Stored items
(* Let $(G_k)_{k\in\mathbb Z}$ be a gibonacci sequence. For every positive integer $n$ and every integer $t$, \begin{equation*} \begin{split} 44\sum_{j = 1}^n G_{j + t}^5 &= -\left(G_{n + t + 3}^5 - G_{t + 3}^5\right) + 7\left(G_{n + t + 2}^5 - G_{t + 2}^5\right) + 47\left(G_{n + t + 1}^5 - G_{t + 1}^5\right)\\ &\qquad + 31\left(G_{n + t}^5 - G_t^5\right) - 9\left(G_{n + t - 1}^5 - G_{t - 1}^5\right) - \left(G_{n + t - 2}^5 - G_{t - 2}^5\right) \end{split} \end{equation*} and \begin{equation*} \begin{split} 44\sum_{j = 1}^n (-1)^{j - 1}G_{j + t}^5 &= -\left((-1)^{n + 1}G_{n + t + 3}^5 + G_{t + 3}^5\right) + 9\left((-1)^{n + 1}G_{n + t + 2}^5 + G_{t + 2}^5\right)\\ &\quad + 31\left((-1)^{n + 1}G_{n + t + 1}^5 + G_{t + 1}^5\right) - 47\left((-1)^{n + 1}G_{n + t}^5 + G_t^5\right)\\ &\quad + 7\left((-1)^{n + 1}G_{n + t - 1}^5 + G_{t - 1}^5\right) + \left((-1)^{n + 1}G_{n + t - 2}^5 + G_{t - 2}^5\right). \end{split} \end{equation*}
   Context: A gibonacci sequence $(G_k)_{k\in\mathbb Z}$ is defined by arbitrary initial values $G_0=a$, $G_1=b$ (numbers, not both zero) and $G_k=G_{k-1}+G_{k-2}$ for all integers $k$ (equivalently $G_{-k}=G_{-(k-2)}-G_{-(k-1)}$ extends it to negative indices). *)

From mathcomp Require Import all_boot all_order all_algebra.
Set Implicit Arguments. Unset Strict Implicit. Unset Printing Implicit Defensive.
Import Order.TTheory GRing.Theory Num.Theory.
Local Open Scope ring_scope.

Definition gibonacci (R : numFieldType) (G : int -> R) : Prop :=
  (forall k : int, G k = G (k - 1) + G (k - 2)) /\ (G 0 != 0 \/ G 1 != 0).

From mathcomp Require Import all_boot all_order all_algebra.
From mathcomp Require Import ring.
Import Order.TTheory GRing.Theory Num.Theory.
Local Open Scope ring_scope.

(* Both sums telescope.  The right-hand sides are F (n + t) - F t and
   (-1)^(n+1) H (n + t) + H t, where F = pow5_antidiff and
   H = pow5_alt_antidiff are combinations of six consecutive fifth powers
   with F (m + 1) - F m = 44 G_(m+1)^5 and H (m + 1) + H m = 44 G_(m+1)^5.
   Writing G_(m-2), ..., G_(m+4) as integer combinations of G_m and G_(m+1)
   turns these two step identities into polynomial identities in two
   variables. *)

Lemma telescope_alt_sumr (R : pzRingType) (n : nat) (u : nat -> R) :
  \sum_(0 <= k < n) (-1) ^+ k * (u k.+1 + u k) = (-1) ^+ n.+1 * u n + u 0%N.
Proof.
rewrite (telescope_sumr_eq (fun k => (-1) ^+ k.+1 * u k)) // => [|k _].
  by rewrite expr1 mulN1r opprK.
by rewrite !exprS !mulN1r opprK mulNr opprK mulrDr.
Qed.

Section GibonacciFifthPowers.

Variables (R : comPzRingType) (G : int -> R).
Hypothesis G_rec : forall k, G k = G (k - 1) + G (k - 2).

Lemma gib_add2 k : G (k + 2) = G (k + 1) + G k.
Proof. by rewrite [LHS]G_rec; congr (G _ + G _); ring. Qed.

Lemma shift_indicesE (m : int) :
  (m + 1 + 3 = m + 4) * (m + 1 + 2 = m + 3) * (m + 1 + 1 = m + 2)
  * (m + 1 - 1 = m) * (m + 1 - 2 = m - 1) * (m + 2 + 2 = m + 4)
  * (m + 2 + 1 = m + 3).
Proof. by do ![split | rewrite addrK | rewrite -addrA]. Qed.

Lemma gib_window m :
  [/\ G (m - 2) = 2 * G m - G (m + 1), G (m - 1) = G (m + 1) - G m,
      G (m + 2) = G m + G (m + 1), G (m + 3) = G m + 2 * G (m + 1)
    & G (m + 4) = 2 * G m + 3 * G (m + 1)].
Proof.
have G_pred : G (m - 1) = G (m + 1) - G m.
  by rewrite [G (m + 1)]G_rec !shift_indicesE addrAC subrr add0r.
have G3 := gib_add2 (m + 1); have G4 := gib_add2 (m + 2).
rewrite !shift_indicesE in G3 G4.
split=> //.
- by apply: (addrI (G (m - 1))); rewrite -G_rec G_pred; ring.
- by rewrite gib_add2 addrC.
- by rewrite G3 gib_add2; ring.
- by rewrite G4 G3 gib_add2; ring.
Qed.

Definition pow5_antidiff (m : int) : R :=
  - G (m + 3) ^+ 5 + 7 * G (m + 2) ^+ 5 + 47 * G (m + 1) ^+ 5
  + 31 * G m ^+ 5 - 9 * G (m - 1) ^+ 5 - G (m - 2) ^+ 5.

Definition pow5_alt_antidiff (m : int) : R :=
  - G (m + 3) ^+ 5 + 9 * G (m + 2) ^+ 5 + 31 * G (m + 1) ^+ 5
  - 47 * G m ^+ 5 + 7 * G (m - 1) ^+ 5 + G (m - 2) ^+ 5.

Lemma pow5_antidiffS m :
  pow5_antidiff (m + 1) - pow5_antidiff m = 44 * G (m + 1) ^+ 5.
Proof.
rewrite /pow5_antidiff !shift_indicesE.
by have [-> -> -> -> ->] := gib_window m; ring.
Qed.

Lemma pow5_alt_antidiffS m :
  pow5_alt_antidiff (m + 1) + pow5_alt_antidiff m = 44 * G (m + 1) ^+ 5.
Proof.
rewrite /pow5_alt_antidiff !shift_indicesE.
by have [-> -> -> -> ->] := gib_window m; ring.
Qed.

Lemma sum_gib_pow5 (n : nat) (t : int) :
  44 * \sum_(1 <= j < n.+1) G (j%:Z + t) ^+ 5
  = pow5_antidiff (n%:Z + t) - pow5_antidiff t.
Proof.
rewrite big_add1 /= mulr_sumr.
rewrite (telescope_sumr_eq (fun k => pow5_antidiff (k%:Z + t))) ?add0r // => k _.
by rewrite -[k.+1]addn1 PoszD addrAC pow5_antidiffS.
Qed.

Lemma alt_sum_gib_pow5 (n : nat) (t : int) :
  44 * \sum_(1 <= j < n.+1) (-1) ^+ j.-1 * G (j%:Z + t) ^+ 5
  = (-1) ^+ n.+1 * pow5_alt_antidiff (n%:Z + t) + pow5_alt_antidiff t.
Proof.
rewrite big_add1 /= mulr_sumr.
rewrite -[in X in _ = _ + X](add0r t).
rewrite -(telescope_alt_sumr _ n (fun k => pow5_alt_antidiff (k%:Z + t))).
apply: eq_bigr => k _.
by rewrite -[k.+1]addn1 PoszD addrAC pow5_alt_antidiffS mulrCA.
Qed.

End GibonacciFifthPowers.

Theorem proposition1 (R : numFieldType) (G : int -> R) (n : nat) (t : int) :
  gibonacci G -> (0 < n)%N ->
  (44 * \sum_(1 <= j < n.+1) G (j%:Z + t) ^+ 5 =
     - (G (n%:Z + t + 3) ^+ 5 - G (t + 3) ^+ 5)
     + 7 * (G (n%:Z + t + 2) ^+ 5 - G (t + 2) ^+ 5)
     + 47 * (G (n%:Z + t + 1) ^+ 5 - G (t + 1) ^+ 5)
     + 31 * (G (n%:Z + t) ^+ 5 - G t ^+ 5)
     - 9 * (G (n%:Z + t - 1) ^+ 5 - G (t - 1) ^+ 5)
     - (G (n%:Z + t - 2) ^+ 5 - G (t - 2) ^+ 5))
  /\
  (44 * \sum_(1 <= j < n.+1) (-1) ^+ j.-1 * G (j%:Z + t) ^+ 5 =
     - ((-1) ^+ n.+1 * G (n%:Z + t + 3) ^+ 5 + G (t + 3) ^+ 5)
     + 9 * ((-1) ^+ n.+1 * G (n%:Z + t + 2) ^+ 5 + G (t + 2) ^+ 5)
     + 31 * ((-1) ^+ n.+1 * G (n%:Z + t + 1) ^+ 5 + G (t + 1) ^+ 5)
     - 47 * ((-1) ^+ n.+1 * G (n%:Z + t) ^+ 5 + G t ^+ 5)
     + 7 * ((-1) ^+ n.+1 * G (n%:Z + t - 1) ^+ 5 + G (t - 1) ^+ 5)
     + ((-1) ^+ n.+1 * G (n%:Z + t - 2) ^+ 5 + G (t - 2) ^+ 5)).
Proof.
move=> [G_rec _] _.
rewrite sum_gib_pow5 // alt_sum_gib_pow5 //.
by rewrite /pow5_antidiff /pow5_alt_antidiff; split; ring.
Qed.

_ABOUT THIS TASK:_ All that is wanted is an exact copy of the lines above from the one with "End GibonacciFifthPowers." through the one with "5 + G (t + 2) ^+ 5)", with both ends included.

_RESULT FOR THIS TASK:_
End GibonacciFifthPowers.

Theorem proposition1 (R : numFieldType) (G : int -> R) (n : nat) (t : int) :
  gibonacci G -> (0 < n)%N ->
  (44 * \sum_(1 <= j < n.+1) G (j%:Z + t) ^+ 5 =
     - (G (n%:Z + t + 3) ^+ 5 - G (t + 3) ^+ 5)
     + 7 * (G (n%:Z + t + 2) ^+ 5 - G (t + 2) ^+ 5)
     + 47 * (G (n%:Z + t + 1) ^+ 5 - G (t + 1) ^+ 5)
     + 31 * (G (n%:Z + t) ^+ 5 - G t ^+ 5)
     - 9 * (G (n%:Z + t - 1) ^+ 5 - G (t - 1) ^+ 5)
     - (G (n%:Z + t - 2) ^+ 5 - G (t - 2) ^+ 5))
  /\
  (44 * \sum_(1 <= j < n.+1) (-1) ^+ j.-1 * G (j%:Z + t) ^+ 5 =
     - ((-1) ^+ n.+1 * G (n%:Z + t + 3) ^+ 5 + G (t + 3) ^+ 5)
     + 9 * ((-1) ^+ n.+1 * G (n%:Z + t + 2) ^+ 5 + G (t + 2) ^+ 5)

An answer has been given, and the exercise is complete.